Re: OTish: expired root certificates by kpg

kpg
Tue Jul 15 14:36:42 CDT 2008

"Consultant" <consultant_mcngp@yahoo.com> wrote in news:#E42Bzo5IHA.4776
@TK2MSFTNGP05.phx.gbl:

> a missing certificate means no access
> unless you change from https://yoururl
> to
> http://yoururl:443

I am a little surprised that actually works.

kp "disillusioned." g

Re: OTish: expired root certificates by Consultant

Consultant
Wed Jul 16 16:14:10 CDT 2008

well, it is not encrypted, it is merely passing the unencrypted traffic over
port 443

"kpg" <no@spam.com> wrote in message
news:Xns9ADC94AF14AD4ipostthereforeiam@207.46.248.16...
> "Consultant" <consultant_mcngp@yahoo.com> wrote in news:#E42Bzo5IHA.4776
> @TK2MSFTNGP05.phx.gbl:
>
>> a missing certificate means no access
>> unless you change from https://yoururl
>> to
>> http://yoururl:443
>
> I am a little surprised that actually works.
>
> kp "disillusioned." g



Re: OTish: expired root certificates by kpg

kpg
Thu Jul 17 11:01:32 CDT 2008

"Consultant" <consultant_mcngp@yahoo.com> wrote in
news:OJHxkj45IHA.3696@TK2MSFTNGP04.phx.gbl:

> well, it is not encrypted, it is merely passing the unencrypted
> traffic over port 443

well, yes..i see that. So it's a way to defeat the encryption.


How interesting. I need to teach this one to all my users.

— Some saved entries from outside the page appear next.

(* Let $R$ be a ring, $S$ a right Ore set of $R$, and $\mathfrak{a}=\mathrm{ass}_R(S)$. Then \begin{enumerate} \item $S$ is a right localizable set of $R$ if and only if $\mathfrak{a}'\neq R$, where $\mathfrak{a}'=\mathfrak{a}'(S)$. \item Suppose $\mathfrak{a}'\neq R$. Let $\pi':R\to R':=R/\mathfrak{a}'$, $r\mapsto r'=r+\mathfrak{a}'$, and $S'=\pi'(S)$. Then \begin{enumerate} \item $S'$ is a right denominator set of $R'$; \item $\mathfrak{a}=(\pi')^{-1}(\mathrm{ass}_r(S'))$; \item $R\langle S^{-1}\rangle\simeq R'S'^{-1}$, an $R$-isomorphism. \end{enumerate} \end{enumerate}
   Context: Rings are associative with $1$. Multiplicative set: $SS\subseteq S$, $1\in S$, $0\notin S$. Right Ore set: $rS\cap sR\ne\emptyset$ for all $r\in R,s\in S$; right denominator set: right Ore and $sr=0$ ($s\in S$) implies $rt=0$ for some $t\in S$; $AT^{-1}$ denotes the right Ore localization. $\mathrm{ass}_r(T)=\{a: at=0\text{ for some } t\in T\}$. $R\langle S^{-1}\rangle=R\langle X_S\rangle/I_S$ ($R\langle X_S\rangle$ freely generated by $R$ and noncommuting $x_s$; $I_S$ generated by $sx_s-1,x_ss-1$); $\mathrm{ass}_R(S)=\ker(R\to R\langle S^{-1}\rangle)$. $S$ is right localizable if $R\langle S^{-1}\rangle\ne0$ and every element has the form $(r+I_S)(x_s+I_S)$. For a ring $A$, $\mathcal{C}'_A=\{r\in A:rx=0\Rightarrow x=0\}$; $\mathfrak{a}'(S)$ is the least ideal $\mathfrak{b}$ of $R$ such that the image of $S$ in $R/\mathfrak{b}$ lies in $\mathcal{C}'_{R/\mathfrak{b}}$ (it exists). *)

From HB Require Import structures.
From mathcomp Require Import all_boot all_algebra.
Set Implicit Arguments. Unset Strict Implicit. Unset Printing Implicit Defensive.
Import GRing.Theory.
Local Open Scope ring_scope.

Definition mult_set (R : pzRingType) (S : R -> Prop) : Prop :=
  S 1 /\ ~ S 0 /\ (forall a b, S a -> S b -> S (a * b)).

Definition right_Ore (R : pzRingType) (S : R -> Prop) : Prop :=
  mult_set S /\
  (forall r s, S s -> exists s' r', S s' /\ r * s' = s * r').

Definition right_denominator (R : pzRingType) (S : R -> Prop) : Prop :=
  right_Ore S /\
  (forall s r, S s -> s * r = 0 -> exists t, S t /\ r * t = 0).

Definition ass_r (R : pzRingType) (T : R -> Prop) : R -> Prop :=
  fun a => exists t, T t /\ a * t = 0.

Definition is_inverse (A : pzRingType) (x y : A) : Prop :=
  x * y = 1 /\ y * x = 1.

Definition inverts (R A : pzRingType) (f : R -> A) (S : R -> Prop) : Prop :=
  forall s, S s -> exists y, is_inverse (f s) y.

(* (L, iota) is the universal S-inverting ring R<S^{-1}> = R<X_S>/I_S
   (characterized by its universal property: any ring morphism inverting S
   factors uniquely through iota). ass_R(S) = ker iota. *)
Definition universal_inverting (R : pzRingType) (S : R -> Prop)
    (L : pzRingType) (iota : {rmorphism R -> L}) : Prop :=
  inverts iota S /\
  forall (B : pzRingType) (f : {rmorphism R -> B}), inverts f S ->
    exists g : {rmorphism L -> B},
      (forall r, g (iota r) = f r) /\
      (forall g' : {rmorphism L -> B}, (forall r, g' (iota r) = f r) ->
         forall x, g' x = g x).

Definition right_localizable (R : pzRingType) (S : R -> Prop)
    (L : pzRingType) (iota : {rmorphism R -> L}) : Prop :=
  (1 : L) <> 0 /\
  forall q : L, exists r s y, S s /\ is_inverse (iota s) y /\ q = iota r * y.

Definition ideal (R : pzRingType) (b : R -> Prop) : Prop :=
  b 0 /\ (forall x y, b x -> b y -> b (x - y)) /\
  (forall r x, b x -> b (r * x) /\ b (x * r)).

(* a'(S): the least ideal b such that the image of S in R/b lies in
   C'_{R/b}, i.e. s x ∈ b implies x ∈ b for s ∈ S (intersection of all such) *)
Definition aprime (R : pzRingType) (S : R -> Prop) : R -> Prop :=
  fun r => forall b : R -> Prop, ideal b ->
    (forall s x, S s -> b (s * x) -> b x) -> b r.

Definition right_Ore_localization (A : pzRingType) (T : A -> Prop)
    (Q : pzRingType) (sigma : {rmorphism A -> Q}) : Prop :=
  inverts sigma T /\
  (forall q : Q, exists a t y, T t /\ is_inverse (sigma t) y /\ q = sigma a * y) /\
  (forall a, sigma a = 0 <-> ass_r T a).

(* Let N be the set of r with r u in a'(S) for some u in S. As a'(S) is an ideal
   modulo which S is left regular, the Ore condition makes N an ideal modulo which
   S is left and right regular. Right fractions a s^-1 (s in S) modulo N then form
   a ring Q; the map R -> Q inverts S and has kernel N, and every S-inverting
   morphism kills N, hence factors through Q. Going from R<S^-1> to Q and back is
   the identity, so every element of R<S^-1> is a right fraction and
   ass_R(S) = N. Everything follows: R<S^-1> <> 0 iff 1 is not in N iff
   a'(S) <> R; N is the preimage of ass_r(S'), which makes S' a right denominator
   set; and fractions with the same kernel identify R'S'^-1 with R<S^-1>. *)

From HB Require Import structures.
From mathcomp Require Import all_boot all_algebra.
From mathcomp Require Import boolp classical_sets.
Set Implicit Arguments.
Unset Strict Implicit.
Unset Printing Implicit Defensive.
Import GRing.Theory.
Local Open Scope ring_scope.
Local Open Scope quotient_scope.

Section Inverses.
Variable A : pzRingType.
Implicit Types x y z : A.

Lemma is_inverse_unique_r x y z : is_inverse x y -> x * z = 1 -> z = y.
Proof. by move=> [_ yx] xz; rewrite -[z]mul1r -yx -mulrA xz mulr1. Qed.

Lemma is_inverse_unique_l x y z : is_inverse x y -> z * x = 1 -> z = y.
Proof. by move=> [xy _] zx; rewrite -[z]mulr1 -xy mulrA zx mul1r. Qed.

Lemma rmorph_is_inverse (B : pzRingType) (f : {rmorphism A -> B}) x y :
  is_inverse x y -> is_inverse (f x) (f y).
Proof. by move=> [xy yx]; split; rewrite -rmorphM ?xy ?yx rmorph1. Qed.

End Inverses.

Lemma inj_surj_bijective (A B : Type) (f : A -> B) :
  injective f -> (forall y, exists x, f x = y) -> bijective f.
Proof.
move=> f_inj f_surj; exists (fun y => sval (cid (f_surj y))) => [x | y].
  by apply: f_inj; case: cid.
by case: cid.
Qed.

Definition image_set (A B : Type) (f : A -> B) (P : A -> Prop) : B -> Prop :=
  fun y => exists x, P x /\ f x = y.

Section Ideals.
Variables (R : pzRingType) (S : R -> Prop).
Implicit Types r s x y z : R.

(* [lreg_mod S b]: the image of S in R/b lies in C'_{R/b}. [ass_mod S b] is the
   preimage in R of ass_r of the image of S in R/b. *)
Definition lreg_mod (b : R -> Prop) := forall s x, S s -> b (s * x) -> b x.
Definition rreg_mod (b : R -> Prop) := forall s x, S s -> b (x * s) -> b x.
Definition ass_mod (b : R -> Prop) : R -> Prop := fun r => exists t, S t /\ b (r * t).

Variable b : R -> Prop.
Hypothesis b_ideal : ideal b.

Lemma ideal0 : b 0. Proof. by case: b_ideal. Qed.

Lemma idealB x y : b x -> b y -> b (x - y).
Proof. by case: b_ideal => _ [bB _]; apply: bB. Qed.

Lemma idealMl r x : b x -> b (r * x).
Proof. by move=> bx; case: b_ideal => _ [_ /(_ r x bx)] []. Qed.

Lemma idealMr r x : b x -> b (x * r).
Proof. by move=> bx; case: b_ideal => _ [_ /(_ r x bx)] []. Qed.

Lemma idealN x : b x -> b (- x).
Proof. by rewrite -sub0r; apply: idealB ideal0. Qed.

Lemma idealD x y : b x -> b y -> b (x + y).
Proof. by move=> bx /idealN; rewrite -[y in b (_ + y)]opprK; apply: idealB. Qed.

Lemma ideal_proper : (exists r, ~ b r) <-> ~ b 1.
Proof.
split=> [[r br] b1|b1]; last by exists 1.
by apply: br; rewrite -[r]mulr1; apply: idealMl.
Qed.

End Ideals.

Section AssociatedIdeal.
Variables (R : pzRingType) (S : R -> Prop).
Implicit Types r s x y : R.

Lemma aprime_ideal : ideal (aprime S).
Proof.
split; first by move=> b [].
split=> [x y ax ay b bI bS | r x ax].
  by apply: (idealB bI); [apply: ax | apply: ay].
by split=> b bI bS; [apply: (idealMl bI) | apply: (idealMr bI)]; apply: ax.
Qed.

Lemma aprime_lreg : lreg_mod S (aprime S).
Proof. by move=> s x Ss asx b bI bS; apply: (bS s) => //; apply: asx. Qed.

Lemma ker_ideal (B : pzRingType) (f : {rmorphism R -> B}) : ideal (fun r => f r = 0).
Proof.
split; first exact: rmorph0.
split=> [x y fx fy|r x fx]; first by rewrite rmorphB fx fy subrr.
by rewrite !rmorphM fx mulr0 mul0r.
Qed.

Lemma aprime_sub_ker (B : pzRingType) (f : {rmorphism R -> B}) r :
  inverts f S -> aprime S r -> f r = 0.
Proof.
move=> f_inv /(_ _ (ker_ideal f)); apply=> s x /f_inv [y [_ yfs]].
by rewrite rmorphM => fsx; rewrite -[f x]mul1r -yfs -mulrA fsx mulr0.
Qed.

Section AssMod.
Variable b : R -> Prop.
Hypotheses (S_ore : right_Ore S) (b_ideal : ideal b) (b_lreg : lreg_mod S b).

Let SM s t : S s -> S t -> S (s * t).
Proof. by case: S_ore => -[_ [_ SM]] _; apply: SM. Qed.

Lemma ass_mod_ideal : ideal (ass_mod S b).
Proof.
split; first by exists 1; rewrite mul0r; split; [case: S_ore => -[] | apply: ideal0].
split=> [x y [u [Su bxu]] [w [Sw byw]] | r x [u [Su bxu]]].
  have [u' [v [Su' e]]] := S_ore.2 w u Su.
  exists (w * u'); split; first exact: SM.
  by rewrite mulrBl {1}e !mulrA; apply: (idealB b_ideal); apply: (idealMr b_ideal).
have [u' [v [Su' e]]] := S_ore.2 r u Su.
split; first by exists u; split => //; rewrite -mulrA; apply: (idealMl b_ideal).
by exists u'; split => //; rewrite -mulrA e mulrA; apply: (idealMr b_ideal).
Qed.

Lemma ass_mod_lreg : lreg_mod S (ass_mod S b).
Proof.
move=> s x Ss [u [Su bsxu]]; exists u; split => //.
by apply: (b_lreg Ss); rewrite mulrA.
Qed.

Lemma ass_mod_rreg : rreg_mod S (ass_mod S b).
Proof.
move=> s x Ss [u [Su bxsu]]; exists (s * u); split; first exact: SM.
by rewrite mulrA.
Qed.

Lemma ass_mod_sub_ker (B : pzRingType) (f : {rmorphism R -> B}) r :
  inverts f S -> (forall x, b x -> f x = 0) -> ass_mod S b r -> f r = 0.
Proof.
move=> f_inv fb [u [/f_inv [y [fuy _]] /fb]]; rewrite rmorphM => fru.
by rewrite -[f r]mulr1 -fuy mulrA fru mul0r.
Qed.

End AssMod.

Lemma ass_mod_aprime_sub_ker (B : pzRingType) (f : {rmorphism R -> B}) r :
  inverts f S -> ass_mod S (aprime S) r -> f r = 0.
Proof.
by move=> f_inv; apply: ass_mod_sub_ker f_inv (fun _ => aprime_sub_ker f_inv).
Qed.

End AssociatedIdeal.

Section RightFractions.
Variables (R : pzRingType) (S : R -> Prop).
Hypothesis S_ore : right_Ore S.
Implicit Types a b r s t x y z : R.

Local Notation N := (ass_mod S (aprime S)).
Let N_ideal : ideal N := ass_mod_ideal S_ore (aprime_ideal S).
Let N_lreg : lreg_mod S N := ass_mod_lreg (aprime_lreg (S := S)).
Let N_rreg : rreg_mod S N := ass_mod_rreg S_ore (b := aprime S).

Let S1 : S 1. Proof. by case: S_ore => -[]. Qed.
Let SM s t : S s -> S t -> S (s * t).
Proof. by case: S_ore => -[_ [_ SM]] _; apply: SM. Qed.

Local Notation cong x y := (N (x - y)).

Lemma cong_refl x : cong x x. Proof. by rewrite subrr; apply: (ideal0 N_ideal). Qed.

Re: OTish: expired root certificates by Consultant

Consultant
Fri Jul 18 15:31:21 CDT 2008

just be careful, not good practice if you need the encryption


"kpg" <no@spam.com> wrote in message
news:Xns9ADE702AAD06Fipostthereforeiam@207.46.248.16...
> "Consultant" <consultant_mcngp@yahoo.com> wrote in
> news:OJHxkj45IHA.3696@TK2MSFTNGP04.phx.gbl:
>
>> well, it is not encrypted, it is merely passing the unencrypted
>> traffic over port 443
>
> well, yes..i see that. So it's a way to defeat the encryption.
>
>
> How interesting. I need to teach this one to all my users.